At the moment, a log message:
*) Is generated deep within Bro, eventually finding its way to LogMgr::Write
*) In LogMgr::Write, the following happens:
> Checks that an appropriate LogMgr::Stream exists for the writer
> Checks that any relevant LogWriter has been properly initialized
> Applies any necessary filters
*) The log message is turned into a LogVal **
> In the case of a remote filter, the LogVal ** is spirited away to serializations unknown
> In the case of a local filter, the LogVal ** is passed along to the appropriate LogWriter::Write for processing.
So, to change this to support threading, I was planning to turn LogMgr::Stream into a self-contained object with two 0mq message-passing sockets attached:
*) One write-only (PUSH) 0mq socket created by the parent LogMgr, that could be used to send messages to the Stream object (for example, something like LOG_WRITE)
*) One read-only (PULL) 0mq socket created by the child Stream object, which would be used to receive the messages the LogMgr sent.
After the LogMgr::Stream was created, the PUSH 0mq socket would be the only means with which to communicate with it (in order to avoid needing evil things like semaphores / condition variables). This means that the LogMgr would need to generate and pass messages to the LogMgr::Stream object.

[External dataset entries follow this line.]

(* If $f:[-1,1]\to\mathbb{R}$ is $5$-convex, then \[ \int_{-1}^1 f(x)\,dx\;\le\;\tfrac{2}{5}\cdot\tfrac13\bigl(f(-1)+4f(0)+f(1)\bigr)+\tfrac35\Bigl(f\bigl(-\tfrac{\sqrt3}{3}\bigr)+f\bigl(\tfrac{\sqrt3}{3}\bigr)\Bigr)\;\le\;\tfrac16\bigl(f(-1)+f(1)\bigr)+\tfrac56\Bigl(f\bigl(-\tfrac{\sqrt5}{5}\bigr)+f\bigl(\tfrac{\sqrt5}{5}\bigr)\Bigr). \]
   Context: Divided differences are defined recursively by $[x_1;f]:=f(x_1)$ and $[x_1,\dots,x_{m+1};f]:=\frac{[x_2,\dots,x_{m+1};f]-[x_1,\dots,x_m;f]}{x_{m+1}-x_1}$ for pairwise distinct points. For $m\in\mathbb{N}$, a function $f$ on an interval $I$ is called $m$-convex if $[x_1,\dots,x_{m+2};f]\ge 0$ for all pairwise distinct $x_1,\dots,x_{m+2}\in I$. Integrals are Riemann integrals (an $m$-convex function on a compact interval is Riemann integrable). *)

From Stdlib Require Import Reals List.
From Coquelicot Require Import Coquelicot.
Open Scope R_scope.

(* Divided difference [x_1,...,x_k; f], defined by the recursion
   [x_1;f] = f x_1,
   [x_1..x_{m+1};f] = ([x_2..x_{m+1};f] - [x_1..x_m;f]) / (x_{m+1} - x_1). *)
Fixpoint divdiff_aux (n : nat) (f : R -> R) (xs : list R) : R :=
  match n with
  | O => match xs with x :: _ => f x | nil => 0 end
  | S n' =>
      match xs with
      | x1 :: rest =>
          (divdiff_aux n' f rest - divdiff_aux n' f (removelast xs))
            / (last xs 0 - x1)
      | nil => 0
      end
  end.

Definition divdiff (f : R -> R) (xs : list R) : R :=
  divdiff_aux (pred (length xs)) f xs.

Definition m_convex (m : nat) (Dom : R -> Prop) (f : R -> R) : Prop :=
  forall xs : list R,
    length xs = (m + 2)%nat -> NoDup xs -> List.Forall Dom xs ->
    0 <= divdiff f xs.

From Stdlib Require Import Reals List Lra Lia Classical.
From Coquelicot Require Import Coquelicot.
Open Scope R_scope.

(* Let p be the quintic interpolating f at -1 and at the five interior nodes of the two
   rules, w the node polynomial of these five nodes, and K >= 0 the divided difference
   of f at all seven nodes.  By the Newton remainder formula and 5-convexity,
   f <= p where w <= 0 and f <= p + 2 K w where w >= 0 (the latter is the interpolant
   at the interior nodes and 1).  Both rules are exact on quintics and see f only
   through p, except at 1 where f = p + 16/15 K; hence
     integral f <= integral p + 2 K (integral of w^+) = integral p + 1358/10125 K,
     middle rule = integral p + 32/225 K,   Lobatto rule = integral p + 40/225 K.
   Integrability of f comes from continuity in the interior (f is squeezed between two
   interpolants) and from one-sided limits at the endpoints (divided differences with
   one moving node are monotone). *)

(** * Newton interpolation *)

Fixpoint node_poly (xs : list R) (t : R) : R :=
  match xs with nil => 1 | x :: r => node_poly r t * (t - x) end.
(* Let $f_1,f_2$ be strongly hyperbolic functions, $a_1,a_2>0$, $b_1,b_2,c_1,c_2\in\mathbb{R}$, and let $D_1=\overline{f_{a_1,b_1,c_1}}$, $D_2=\overline{f_{a_2,b_2,c_2}}$ be distinct with $D_1\cap D_2=\{p\}$. (1) If $p=(b,\infty)$ with $b\in\mathbb{R}$, then $a_1=a_2$, $b_1=b_2=-b$ and $c_1\neq c_2$. (2) If $p=(\infty,c)$ with $c\in\mathbb{R}$, then $a_1=a_2$, $b_1\neq b_2$ and $c_1=c_2=c$. (3) If $p=(x_p,y_p)\in\mathbb{R}^2$, then $f'_{a_1,b_1,c_1}(x_p)=f'_{a_2,b_2,c_2}(x_p)$.
   Context: Identify $\mathbb{S}^1$ with $\mathbb{R}\cup\{\infty\}$, $\mathcal{P}=\mathbb{S}^1\times\mathbb{S}^1$, $\mathbb{R}^+=(0,\infty)$. A function $f:\mathbb{R}^+\to\mathbb{R}^+$ is strongly hyperbolic if: (1) $\lim_{x\to0+}f(x)=+\infty$, $\lim_{x\to+\infty}f(x)=0$; (2) $f$ strictly convex; (3) $\lim_{x\to+\infty}f(x+b)/f(x)=1$ for each $b\in\mathbb{R}$; (4) $f$ differentiable; (5) $\ln|f'|$ strictly convex. For $a>0$, $b,c\in\mathbb{R}$: $f_{a,b,c}:\mathbb{R}\setminus\{-b\}\to\mathbb{R}$, $f_{a,b,c}(x)=af_1(x+b)+c$ for $x>-b$, $f_{a,b,c}(x)=-af_2(-x-b)+c$ for $x<-b$; $\overline{f_{a,b,c}}=\{(x,f_{a,b,c}(x)):x\ne-b\}\cup\{(-b,\infty),(\infty,c)\}\subset\mathcal{P}$. *)

From Stdlib Require Import Reals.
From Coquelicot Require Import Coquelicot.
Open Scope R_scope.

(* S^1 = R ∪ {∞}: [Some x] is the real x, [None] is ∞. *)
Definition S1 := option R.
Definition P := (S1 * S1)%type.

Definition strictly_convex_pos (g : R -> R) : Prop :=
  forall x y t, 0 < x -> 0 < y -> x <> y -> 0 < t < 1 ->
    g (t * x + (1 - t) * y) < t * g x + (1 - t) * g y.

(* f : R^+ -> R^+ is represented by f : R -> R, only its values on (0,∞) matter. *)
Definition strongly_hyperbolic (f : R -> R) : Prop :=
  (forall x, 0 < x -> 0 < f x) /\
  filterlim f (at_right 0) (Rbar_locally p_infty) /\
  is_lim f p_infty 0 /\
  strictly_convex_pos f /\
  (forall b : R, is_lim (fun x => f (x + b) / f x) p_infty 1) /\
  (forall x, 0 < x -> ex_derive f x) /\
  strictly_convex_pos (fun x => ln (Rabs (Derive f x))).

(* f_{a,b,c}; the value at x = -b is irrelevant (not in the domain). *)
Definition fabc (f1 f2 : R -> R) (a b c : R) (x : R) : R :=
  if Rlt_dec (- b) x then a * f1 (x + b) + c else - a * f2 (- x - b) + c.

Definition fabc_bar (f1 f2 : R -> R) (a b c : R) (q : P) : Prop :=
  (exists x, x <> - b /\ q = (Some x, Some (fabc f1 f2 a b c x))) \/
  q = (Some (- b), None) \/
  q = (None, Some c).

(** Write F_i for f_{a_i,b_i,c_i} and h = F_1 - F_2. Each F_i tends to c_i at both
    infinities, to -oo left of its pole -b_i and to +oo right of it, and the finite common
    points of the closed graphs are the zeros of h off the poles.
    (1) With a common pole, F_1 = F_2 on one branch reduces to f_j t = v for an explicit
    v > 0, solvable since f_j maps (0, oo) onto (0, oo); so a_1 <> a_2 would give a second
    common point.
    (2) With a common asymptote and a_1 <> a_2, the condition f (x + b) / f x -> 1 gives h
    the sign of a_2 - a_1 at -oo and of a_1 - a_2 at +oo, opposite to its sign next to the
    nearer pole, so h has a zero on an outer branch.
    (3) For a finite common point, say -b_1 < -b_2: if c_1 > c_2, h changes sign on both
    outer intervals and has two zeros; so c_1 < c_2, h has one sign near both ends of each
    of the three intervals cut out by the poles, and by the intermediate value theorem its
    unique zero is a local extremum, where h' vanishes. *)

From Stdlib Require Import Reals Lra.
From Coquelicot Require Import Coquelicot.
Open Scope R_scope.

Thus, the LogWriter initialization bit and the LogWriter logging bit would both happen within the context of the Stream thread (and as a result of writing an appropriate message to the LogMgr::Stream's PUSH socket).
I figure the LogMgr would need to be able to generate (at a minimum) the following types of messages:
*) EnableStream
*) DisableStream
*) StreamInit
*) StreamFinish
*) RotateLog
*) LogMessage
(Note: as a shortcut, we could probably build a fast-track LogMessageInProc type that passed a pointer to the data to log, rather than encapsulating everything when passing within a single process... but I figure that's an optimization, and could probably be dealt with later if it proves to be necessary).
Anyway, I figure that, after this point, we'd be close to having an entirely self-contained logging infrastructure; so long as the message format was standardized (and I do have a rough draft of a message format which I'd be happy to send out, assuming the above isn't too confusing and seems technically sound), anything that spoke the correct message format could act as a logger for Bro.
So. . . thoughts? Does that make sense? What's bad / broken about doing things this way?
Thanks,
Gilbert Clark